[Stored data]

Definition ple {X : Type} (l m : X -> B4) : Prop := forall x, Ble (l x) (m x).

Definition is_lub_in {X I : Type} (tau : (X -> B4) -> Prop) (F : I -> X -> B4)
  (l : X -> B4) : Prop :=
  tau l /\ (forall i, ple (F i) l) /\
  (forall m, tau m -> (forall i, ple (F i) m) -> ple l m).
Definition is_glb_in {X : Type} (tau : (X -> B4) -> Prop) (l m n : X -> B4) : Prop :=
  tau n /\ ple n l /\ ple n m /\
  (forall k, tau k -> ple k l -> ple k m -> ple k n).

(** A B-point of tau: a frame homomorphism tau -> B (preserving finite meets
    and arbitrary joins) with p(b_X) = b for all b. *)
Definition Bpoint {X : Type} (tau : (X -> B4) -> Prop) (p : (X -> B4) -> B4) : Prop :=
  (forall b, p (constB b) = b) /\
  (forall l m n, tau l -> tau m -> is_glb_in tau l m n -> Bglb (p l) (p m) (p n)) /\
  (forall (I : Type) (F : I -> X -> B4) l,
     (forall i, tau (F i)) -> is_lub_in tau F l -> Blub (fun i => p (F i)) (p l)).

Definition Bsober {X : Type} (Ott Off : (X -> Prop) -> Prop) : Prop :=
  forall p, Bpoint (Btopology Ott Off) p ->
    exists! x : X, forall l, Btopology Ott Off l -> p l = l x.

From Stdlib Require Import Bool Classical ClassicalEpsilon FunctionalExtensionality PropExtensionality.

(* A [B4]-valued open [l] is just the pair of opens [cut Btt l] and [cut Bff l], and meets and
   joins of such maps are computed componentwise.  Reading off the two components of a
   B-point [p] on the B-opens concentrated on one side therefore gives a completely prime
   filter of opens for each topology, and conversely any two such filters assemble into a
   B-point.  Completely prime filters of opens correspond to irreducible closed sets [K]
   through [U |-> K meets U], and [K] is the closure of [x] exactly when this filter is the
   neighbourhood filter of [x].  Hence points [x] representing a B-point are the same as
   common generic points of the corresponding pair of irreducible closed sets. *)

Lemma pred_ext {X : Type} (U V : X -> Prop) : (forall x, U x <-> V x) -> U = V.
Proof.
  intros H; extensionality x; apply propositional_extensionality, H.
Qed.

Lemma ex_unique_impl {A : Type} (P Q : A -> Prop) :
  (forall x, P x <-> Q x) -> (exists! x, P x) -> exists! x, Q x.
Proof.
  intros E [x [Px Hu]]; exists x; split.
  - now apply E.
  - intros y Qy; now apply Hu, E.
Qed.

Section Topology.

Context {X : Type} (O : (X -> Prop) -> Prop).
Hypothesis HO : is_topology O.

Lemma open_union (I : Type) (G : I -> X -> Prop) :
  (forall i, O (G i)) -> O (fun x => exists i, G i x).
Proof.
  intros HG; destruct HO as [_ [_ Hunion]].
  replace (fun x => exists i, G i x) with (fun x => exists A, (exists i, A = G i) /\ A x).
  - apply Hunion; intros A [i ->]; apply HG.
  - apply pred_ext; intros x; split.
    + intros [A [[i ->] Hx]]; now exists i.
    + intros [i Hx]; exists (G i); split; [now exists i | exact Hx].
Qed.

Lemma open_inter (U V : X -> Prop) : O U -> O V -> O (fun x => U x /\ V x).
Proof. destruct HO as [_ [Hinter _]]; apply Hinter. Qed.

Lemma open_full : O (fun _ => True).
Proof. now destruct HO. Qed.

Lemma open_empty : O (fun _ => False).
Proof.
  replace (fun _ : X => False) with (fun x => exists i : False, (fun _ : X => True) x).
  - apply open_union; intros [].
  - apply pred_ext; intros x; split; [intros [[] _] | intros []].
Qed.

Lemma closed_compl (U : X -> Prop) : O U -> is_closed O (fun x => ~ U x).
Proof.
  unfold is_closed; replace (fun x => ~ ~ U x) with U; [easy|].
  apply pred_ext; intros x; split; [tauto | apply NNPP].
Qed.

Lemma closure_singleton x y :
  closure O (fun z => z = x) y <-> forall U, O U -> U y -> U x.
Proof.
  split.
  - intros Hcl U HU Uy; apply NNPP; intros nUx.
    apply (Hcl (fun w => ~ U w)); [now apply closed_compl | now intros z -> | exact Uy].
  - intros H C HC Cx; apply NNPP; intros nCy.
    exact (H _ HC nCy (Cx x eq_refl)).
Qed.

Definition meets (K U : X -> Prop) : Prop := exists x, K x /\ U x.

Lemma closure_singleton_eq_iff (K : X -> Prop) x :
  is_closed O K ->
  ((forall y, K y <-> closure O (fun z => z = x) y) <->
   (forall U, O U -> (meets K U <-> U x))).
Proof.
  intros HK; split.
  - intros E U HU; split.
    + intros [z [Kz Uz]]; apply E in Kz; rewrite closure_singleton in Kz; exact (Kz U HU Uz).
    + intros Ux; exists x; split; [|exact Ux].
      apply E; rewrite closure_singleton; auto.
  - intros H y; rewrite closure_singleton; split.
    + intros Ky U HU Uy; apply H; [exact HU | now exists y].
    + intros Hy; apply NNPP; intros nKy.
      (* [x] lies in [K], as the open complement of [K] meets [K] otherwise *)
      assert (Kx : K x).
      { apply NNPP; intros nKx.
        destruct (proj2 (H _ HK) nKx) as [z [Kz nKz]]; contradiction. }
      exact (Hy _ HK nKy Kx).
Qed.

Definition completely_prime_filter (F : (X -> Prop) -> Prop) : Prop :=
  F (fun _ => True) /\
  (forall U V, O U -> O V -> (F (fun x => U x /\ V x) <-> F U /\ F V)) /\
  (forall (I : Type) (G : I -> X -> Prop), (forall i, O (G i)) ->
     (F (fun x => exists i, G i x) <-> exists i, F (G i))).

Lemma completely_prime_filter_empty (F : (X -> Prop) -> Prop) :
  completely_prime_filter F -> ~ F (fun _ => False).
Proof.
  intros [_ [_ Hunion]] Hempty.
  replace (fun _ : X => False) with (fun x => exists i : False, (fun _ : X => False) x)
    in Hempty by (apply pred_ext; intros x; split; [intros [[] _] | intros []]).
  apply Hunion in Hempty as [[] _]; intros [].
Qed.

Lemma irreducible_meets_filter (K : X -> Prop) :
  irreducible_closed O K -> completely_prime_filter (meets K).
Proof.
  intros [_ [[x Kx] Hirr]]; split; [|split].
  - now exists x.
  - intros U V HU HV; split.
    + intros [z [Kz [Uz Vz]]]; split; now exists z.
    + intros [[y [Ky Uy]] [z [Kz Vz]]]; apply NNPP; intros Hdisj.
      destruct (Hirr _ _ (closed_compl U HU) (closed_compl V HV)) as [HnU | HnV].
      * intros w Kw; apply NNPP; intros N; apply Hdisj; exists w; split; [exact Kw|].
        split; apply NNPP; tauto.
      * exact (HnU y Ky Uy).
      * exact (HnV z Kz Vz).
  - intros I G _; split.
    + intros [z [Kz [i Gz]]]; exists i, z; auto.
    + intros [i [z [Kz Gz]]]; exists z; split; [exact Kz | now exists i].
Qed.

Section FilterCore.

Variable F : (X -> Prop) -> Prop.
Hypothesis HF : completely_prime_filter F.

Definition filter_core : X -> Prop := fun y => forall U, O U -> U y -> F U.

Lemma filter_core_compl :
  (fun y => ~ filter_core y) = (fun y => exists V : {V | O V /\ ~ F V}, proj1_sig V y).
Proof.
  apply pred_ext; intros y; split.
  - intros Hy; apply not_all_ex_not in Hy as [V HV].
    apply NNPP; intros N; apply HV; intros OV Vy; apply NNPP; intros nFV.
    apply N; now exists (exist _ V (conj OV nFV)).
  - intros [[V [OV nFV]] Vy] Hy; exact (nFV (Hy V OV Vy)).
Qed.

Lemma filter_core_closed : is_closed O filter_core.
Proof.
  unfold is_closed; rewrite filter_core_compl.
  apply open_union; intros [V HV]; exact (proj1 HV).
Qed.

Lemma meets_filter_core U : O U -> (F U <-> meets filter_core U).
Proof.
  intros HU; split.
  - intros FU; apply NNPP; intros Hdisj.
    set (N := fun y => exists V : {V | O V /\ ~ F V}, proj1_sig V y).
    assert (HN : O N) by (apply open_union; intros [V HV]; exact (proj1 HV)).
    assert (UN : (fun x => U x /\ N x) = U).
    { apply pred_ext; intros x; split; [tauto|intros Ux; split; [exact Ux|]].
      assert (Hx : (fun y => ~ filter_core y) x) by (intros Hx; apply Hdisj; now exists x).
      rewrite filter_core_compl in Hx; exact Hx. }
    destruct HF as [_ [Hinter Hunion]].
    rewrite <- UN, Hinter in FU by assumption.
    destruct FU as [_ FN]; apply Hunion in FN as [[V HV] FV]; [exact (proj2 HV FV)|].
    intros [V HV]; exact (proj1 HV).
  - intros [z [Hz Uz]]; exact (Hz U HU Uz).
Qed.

● **WHAT THE TASK REQUIRES**: Within the data, count the lines that hold the word "filters". Answer with the figure and nothing more.

● **RESULT**: 2